Your goal: Repeat the stretch of entries below from the line with "alpha + b *" through the line with "assert (Hnum : w". Include both ends and add nothing.
···
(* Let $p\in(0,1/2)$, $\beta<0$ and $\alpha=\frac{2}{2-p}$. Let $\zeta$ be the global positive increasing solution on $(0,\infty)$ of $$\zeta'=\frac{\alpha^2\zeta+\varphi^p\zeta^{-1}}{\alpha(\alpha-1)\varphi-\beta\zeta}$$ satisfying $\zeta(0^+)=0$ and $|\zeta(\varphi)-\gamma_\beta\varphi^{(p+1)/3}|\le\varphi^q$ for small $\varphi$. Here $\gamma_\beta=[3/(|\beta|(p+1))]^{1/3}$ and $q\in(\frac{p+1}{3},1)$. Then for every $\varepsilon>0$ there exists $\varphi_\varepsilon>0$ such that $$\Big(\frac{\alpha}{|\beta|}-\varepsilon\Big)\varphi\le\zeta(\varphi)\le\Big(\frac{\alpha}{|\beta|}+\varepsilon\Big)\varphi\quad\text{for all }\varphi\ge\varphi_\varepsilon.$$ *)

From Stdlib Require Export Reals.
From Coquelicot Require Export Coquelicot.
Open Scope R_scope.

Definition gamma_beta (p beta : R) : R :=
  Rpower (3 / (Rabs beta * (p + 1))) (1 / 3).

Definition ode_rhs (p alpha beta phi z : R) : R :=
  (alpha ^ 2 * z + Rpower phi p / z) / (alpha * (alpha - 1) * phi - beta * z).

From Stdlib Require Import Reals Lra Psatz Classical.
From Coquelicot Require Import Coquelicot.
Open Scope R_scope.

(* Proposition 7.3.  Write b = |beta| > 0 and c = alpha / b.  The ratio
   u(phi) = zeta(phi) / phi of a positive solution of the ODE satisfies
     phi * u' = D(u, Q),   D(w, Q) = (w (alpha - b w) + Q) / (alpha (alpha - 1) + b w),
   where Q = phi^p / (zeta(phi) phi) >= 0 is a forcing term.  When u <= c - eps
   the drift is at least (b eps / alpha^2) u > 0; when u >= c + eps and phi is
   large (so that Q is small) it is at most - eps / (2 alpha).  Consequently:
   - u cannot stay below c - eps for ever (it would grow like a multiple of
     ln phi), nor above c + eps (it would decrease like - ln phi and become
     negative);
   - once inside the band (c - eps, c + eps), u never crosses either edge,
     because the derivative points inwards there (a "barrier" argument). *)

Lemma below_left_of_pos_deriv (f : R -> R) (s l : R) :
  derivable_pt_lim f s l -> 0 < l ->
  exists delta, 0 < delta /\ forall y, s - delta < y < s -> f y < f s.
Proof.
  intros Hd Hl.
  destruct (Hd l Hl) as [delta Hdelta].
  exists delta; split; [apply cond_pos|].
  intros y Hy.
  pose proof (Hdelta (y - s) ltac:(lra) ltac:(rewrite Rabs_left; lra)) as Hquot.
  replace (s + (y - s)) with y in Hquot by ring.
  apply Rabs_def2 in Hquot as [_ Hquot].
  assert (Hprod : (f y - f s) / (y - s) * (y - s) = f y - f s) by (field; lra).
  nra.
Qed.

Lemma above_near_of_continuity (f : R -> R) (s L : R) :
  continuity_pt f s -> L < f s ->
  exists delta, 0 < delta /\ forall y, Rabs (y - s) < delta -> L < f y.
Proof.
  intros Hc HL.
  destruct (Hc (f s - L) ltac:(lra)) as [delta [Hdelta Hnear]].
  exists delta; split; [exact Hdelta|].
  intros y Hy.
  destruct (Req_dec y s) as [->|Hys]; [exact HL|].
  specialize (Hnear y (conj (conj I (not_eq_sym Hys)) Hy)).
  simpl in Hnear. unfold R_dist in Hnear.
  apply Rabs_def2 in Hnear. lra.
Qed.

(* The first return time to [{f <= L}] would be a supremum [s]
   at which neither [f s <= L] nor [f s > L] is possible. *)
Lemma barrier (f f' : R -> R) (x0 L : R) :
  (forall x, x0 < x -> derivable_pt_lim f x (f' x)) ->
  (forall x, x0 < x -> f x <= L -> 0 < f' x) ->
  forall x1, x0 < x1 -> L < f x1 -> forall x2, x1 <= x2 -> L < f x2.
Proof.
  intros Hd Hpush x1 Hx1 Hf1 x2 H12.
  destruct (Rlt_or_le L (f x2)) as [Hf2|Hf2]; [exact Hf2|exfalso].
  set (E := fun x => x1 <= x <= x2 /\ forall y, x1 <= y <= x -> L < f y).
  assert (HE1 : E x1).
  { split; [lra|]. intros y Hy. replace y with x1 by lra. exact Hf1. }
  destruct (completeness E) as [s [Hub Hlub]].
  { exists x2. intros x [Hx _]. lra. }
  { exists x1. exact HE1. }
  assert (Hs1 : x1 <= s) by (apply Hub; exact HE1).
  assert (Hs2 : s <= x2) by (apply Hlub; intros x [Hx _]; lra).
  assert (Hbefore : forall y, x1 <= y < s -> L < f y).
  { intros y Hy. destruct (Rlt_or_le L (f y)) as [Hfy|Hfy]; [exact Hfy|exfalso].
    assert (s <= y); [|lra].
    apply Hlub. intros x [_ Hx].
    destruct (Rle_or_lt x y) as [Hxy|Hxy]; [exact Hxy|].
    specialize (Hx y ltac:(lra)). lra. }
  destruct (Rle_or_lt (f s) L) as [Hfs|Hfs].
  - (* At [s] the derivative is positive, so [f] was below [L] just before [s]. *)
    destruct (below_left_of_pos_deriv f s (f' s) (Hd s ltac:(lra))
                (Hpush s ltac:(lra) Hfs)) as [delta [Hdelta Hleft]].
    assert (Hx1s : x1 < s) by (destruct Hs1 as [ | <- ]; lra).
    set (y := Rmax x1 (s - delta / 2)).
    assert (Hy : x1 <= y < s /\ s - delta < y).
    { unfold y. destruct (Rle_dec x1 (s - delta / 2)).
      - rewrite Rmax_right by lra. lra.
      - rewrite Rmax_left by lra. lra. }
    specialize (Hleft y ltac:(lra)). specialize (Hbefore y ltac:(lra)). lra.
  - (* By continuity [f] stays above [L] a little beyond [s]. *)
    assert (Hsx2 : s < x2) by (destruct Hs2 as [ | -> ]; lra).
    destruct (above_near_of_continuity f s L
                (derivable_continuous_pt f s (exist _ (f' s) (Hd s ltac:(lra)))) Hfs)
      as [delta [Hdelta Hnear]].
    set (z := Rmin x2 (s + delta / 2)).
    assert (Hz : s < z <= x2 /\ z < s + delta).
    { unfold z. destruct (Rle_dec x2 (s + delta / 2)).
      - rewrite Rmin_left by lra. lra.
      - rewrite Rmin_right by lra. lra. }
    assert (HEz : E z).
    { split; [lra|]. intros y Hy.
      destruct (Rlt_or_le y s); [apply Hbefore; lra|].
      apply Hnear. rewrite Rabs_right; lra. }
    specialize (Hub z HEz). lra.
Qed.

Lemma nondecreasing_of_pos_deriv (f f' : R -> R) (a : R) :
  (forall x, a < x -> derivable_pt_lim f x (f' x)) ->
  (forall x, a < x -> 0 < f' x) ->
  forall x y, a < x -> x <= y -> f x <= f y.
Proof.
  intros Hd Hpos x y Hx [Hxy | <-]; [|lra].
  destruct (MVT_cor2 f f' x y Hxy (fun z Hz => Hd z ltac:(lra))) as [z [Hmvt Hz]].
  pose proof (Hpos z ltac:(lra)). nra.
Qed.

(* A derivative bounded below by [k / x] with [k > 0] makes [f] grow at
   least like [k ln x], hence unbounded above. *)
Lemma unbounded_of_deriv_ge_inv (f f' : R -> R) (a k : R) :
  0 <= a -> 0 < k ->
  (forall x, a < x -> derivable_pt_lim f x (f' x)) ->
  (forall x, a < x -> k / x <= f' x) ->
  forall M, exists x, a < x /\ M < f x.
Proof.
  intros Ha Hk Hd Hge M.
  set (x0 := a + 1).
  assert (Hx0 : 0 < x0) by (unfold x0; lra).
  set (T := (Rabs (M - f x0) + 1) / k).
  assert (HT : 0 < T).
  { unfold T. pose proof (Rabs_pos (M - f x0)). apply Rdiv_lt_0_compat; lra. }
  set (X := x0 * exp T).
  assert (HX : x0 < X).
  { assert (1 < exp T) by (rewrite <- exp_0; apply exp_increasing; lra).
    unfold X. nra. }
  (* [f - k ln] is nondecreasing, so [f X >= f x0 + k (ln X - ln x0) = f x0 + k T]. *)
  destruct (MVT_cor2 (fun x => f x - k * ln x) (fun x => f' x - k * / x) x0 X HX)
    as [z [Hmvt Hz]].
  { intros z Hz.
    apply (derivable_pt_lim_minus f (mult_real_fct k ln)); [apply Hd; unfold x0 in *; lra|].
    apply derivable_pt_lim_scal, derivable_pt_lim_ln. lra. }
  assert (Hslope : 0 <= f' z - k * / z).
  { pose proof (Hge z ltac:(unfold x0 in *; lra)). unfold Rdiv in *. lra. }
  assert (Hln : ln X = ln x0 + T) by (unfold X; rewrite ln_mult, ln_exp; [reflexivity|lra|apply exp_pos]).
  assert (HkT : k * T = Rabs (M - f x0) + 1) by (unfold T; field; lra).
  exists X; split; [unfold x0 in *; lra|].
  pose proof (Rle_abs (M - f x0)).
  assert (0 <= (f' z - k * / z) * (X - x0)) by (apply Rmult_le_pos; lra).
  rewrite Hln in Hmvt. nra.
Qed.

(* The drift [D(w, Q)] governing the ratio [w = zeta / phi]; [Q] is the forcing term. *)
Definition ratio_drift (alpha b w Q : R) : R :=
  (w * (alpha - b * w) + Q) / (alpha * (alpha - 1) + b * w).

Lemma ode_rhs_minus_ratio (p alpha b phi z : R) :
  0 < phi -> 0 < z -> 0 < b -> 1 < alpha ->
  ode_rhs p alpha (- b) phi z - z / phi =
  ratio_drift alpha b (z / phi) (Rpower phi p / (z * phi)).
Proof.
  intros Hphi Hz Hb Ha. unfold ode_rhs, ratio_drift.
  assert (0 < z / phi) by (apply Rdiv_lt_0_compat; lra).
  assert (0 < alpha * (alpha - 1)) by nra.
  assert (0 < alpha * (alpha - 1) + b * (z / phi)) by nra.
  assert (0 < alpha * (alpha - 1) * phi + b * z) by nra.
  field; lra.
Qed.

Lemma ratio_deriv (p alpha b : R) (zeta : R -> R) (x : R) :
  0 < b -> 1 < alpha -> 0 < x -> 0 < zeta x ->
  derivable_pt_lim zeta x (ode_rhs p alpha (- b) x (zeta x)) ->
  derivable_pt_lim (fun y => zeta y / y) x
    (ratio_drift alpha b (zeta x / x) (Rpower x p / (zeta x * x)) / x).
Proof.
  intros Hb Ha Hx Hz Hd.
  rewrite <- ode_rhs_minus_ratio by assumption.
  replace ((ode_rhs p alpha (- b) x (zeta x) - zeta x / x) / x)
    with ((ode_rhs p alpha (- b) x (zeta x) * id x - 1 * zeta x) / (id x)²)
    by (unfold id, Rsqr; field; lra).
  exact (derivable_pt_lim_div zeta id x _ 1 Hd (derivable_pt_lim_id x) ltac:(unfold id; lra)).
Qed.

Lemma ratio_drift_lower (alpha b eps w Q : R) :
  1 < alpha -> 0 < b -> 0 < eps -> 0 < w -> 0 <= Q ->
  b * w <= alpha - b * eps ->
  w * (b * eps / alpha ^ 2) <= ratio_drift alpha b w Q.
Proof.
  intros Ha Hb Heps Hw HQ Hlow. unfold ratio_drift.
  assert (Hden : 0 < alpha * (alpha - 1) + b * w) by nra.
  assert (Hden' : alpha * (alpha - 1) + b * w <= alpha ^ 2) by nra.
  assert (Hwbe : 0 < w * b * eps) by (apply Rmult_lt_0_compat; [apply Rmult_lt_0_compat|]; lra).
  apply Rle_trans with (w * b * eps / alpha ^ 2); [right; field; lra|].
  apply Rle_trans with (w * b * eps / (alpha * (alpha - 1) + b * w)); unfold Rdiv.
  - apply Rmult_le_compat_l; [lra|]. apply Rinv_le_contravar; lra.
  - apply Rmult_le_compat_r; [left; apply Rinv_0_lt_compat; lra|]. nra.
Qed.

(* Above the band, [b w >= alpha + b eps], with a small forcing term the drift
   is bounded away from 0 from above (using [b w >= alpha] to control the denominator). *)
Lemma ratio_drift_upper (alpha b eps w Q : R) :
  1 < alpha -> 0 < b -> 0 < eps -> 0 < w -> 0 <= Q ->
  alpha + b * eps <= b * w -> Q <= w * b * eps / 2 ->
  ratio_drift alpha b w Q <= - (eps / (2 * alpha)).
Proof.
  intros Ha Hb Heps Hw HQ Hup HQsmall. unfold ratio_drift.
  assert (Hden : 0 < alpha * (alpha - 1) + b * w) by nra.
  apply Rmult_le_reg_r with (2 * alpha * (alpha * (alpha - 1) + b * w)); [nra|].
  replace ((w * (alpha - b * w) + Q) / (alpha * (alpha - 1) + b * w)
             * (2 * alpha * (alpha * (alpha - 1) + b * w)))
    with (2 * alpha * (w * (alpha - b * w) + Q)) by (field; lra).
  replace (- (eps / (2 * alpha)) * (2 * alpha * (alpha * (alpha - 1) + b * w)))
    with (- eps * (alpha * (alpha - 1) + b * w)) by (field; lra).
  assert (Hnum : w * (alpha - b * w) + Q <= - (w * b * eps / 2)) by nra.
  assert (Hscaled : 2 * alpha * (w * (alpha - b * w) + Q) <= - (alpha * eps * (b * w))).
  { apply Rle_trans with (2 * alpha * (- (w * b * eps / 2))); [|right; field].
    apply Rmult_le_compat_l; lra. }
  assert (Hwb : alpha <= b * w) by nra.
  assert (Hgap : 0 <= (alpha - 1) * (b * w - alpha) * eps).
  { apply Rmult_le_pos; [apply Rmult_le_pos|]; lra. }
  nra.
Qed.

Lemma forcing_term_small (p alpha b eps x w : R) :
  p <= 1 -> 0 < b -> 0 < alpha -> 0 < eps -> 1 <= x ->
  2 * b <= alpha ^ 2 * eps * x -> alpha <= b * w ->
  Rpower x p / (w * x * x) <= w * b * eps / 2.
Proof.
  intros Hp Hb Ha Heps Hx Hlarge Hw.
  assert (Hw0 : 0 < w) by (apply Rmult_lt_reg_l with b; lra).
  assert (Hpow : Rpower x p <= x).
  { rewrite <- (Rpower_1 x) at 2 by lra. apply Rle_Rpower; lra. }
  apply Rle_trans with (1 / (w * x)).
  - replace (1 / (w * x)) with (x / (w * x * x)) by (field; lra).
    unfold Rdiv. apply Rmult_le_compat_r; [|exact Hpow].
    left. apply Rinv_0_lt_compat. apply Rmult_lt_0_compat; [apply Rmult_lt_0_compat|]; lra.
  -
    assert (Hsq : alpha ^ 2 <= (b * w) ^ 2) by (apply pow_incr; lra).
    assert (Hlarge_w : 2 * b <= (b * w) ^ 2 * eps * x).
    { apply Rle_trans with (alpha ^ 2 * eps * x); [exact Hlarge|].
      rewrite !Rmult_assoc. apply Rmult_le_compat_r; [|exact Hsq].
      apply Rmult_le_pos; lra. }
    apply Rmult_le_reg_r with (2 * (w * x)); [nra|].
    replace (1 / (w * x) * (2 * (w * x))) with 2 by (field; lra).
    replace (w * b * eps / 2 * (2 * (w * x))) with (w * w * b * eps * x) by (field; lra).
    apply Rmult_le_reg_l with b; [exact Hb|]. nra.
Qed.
···
Task result:
  alpha + b * eps <= b * w -> Q <= w * b * eps / 2 ->
  ratio_drift alpha b w Q <= - (eps / (2 * alpha)).
Proof.
  intros Ha Hb Heps Hw HQ Hup HQsmall. unfold ratio_drift.
  assert (Hden : 0 < alpha * (alpha - 1) + b * w) by nra.
  apply Rmult_le_reg_r with (2 * alpha * (alpha * (alpha - 1) + b * w)); [nra|].
  replace ((w * (alpha - b * w) + Q) / (alpha * (alpha - 1) + b * w)
             * (2 * alpha * (alpha * (alpha - 1) + b * w)))
    with (2 * alpha * (w * (alpha - b * w) + Q)) by (field; lra).
  replace (- (eps / (2 * alpha)) * (2 * alpha * (alpha * (alpha - 1) + b * w)))
    with (- eps * (alpha * (alpha - 1) + b * w)) by (field; lra).
  assert (Hnum : w * (alpha - b * w) + Q <= - (w * b * eps / 2)) by nra.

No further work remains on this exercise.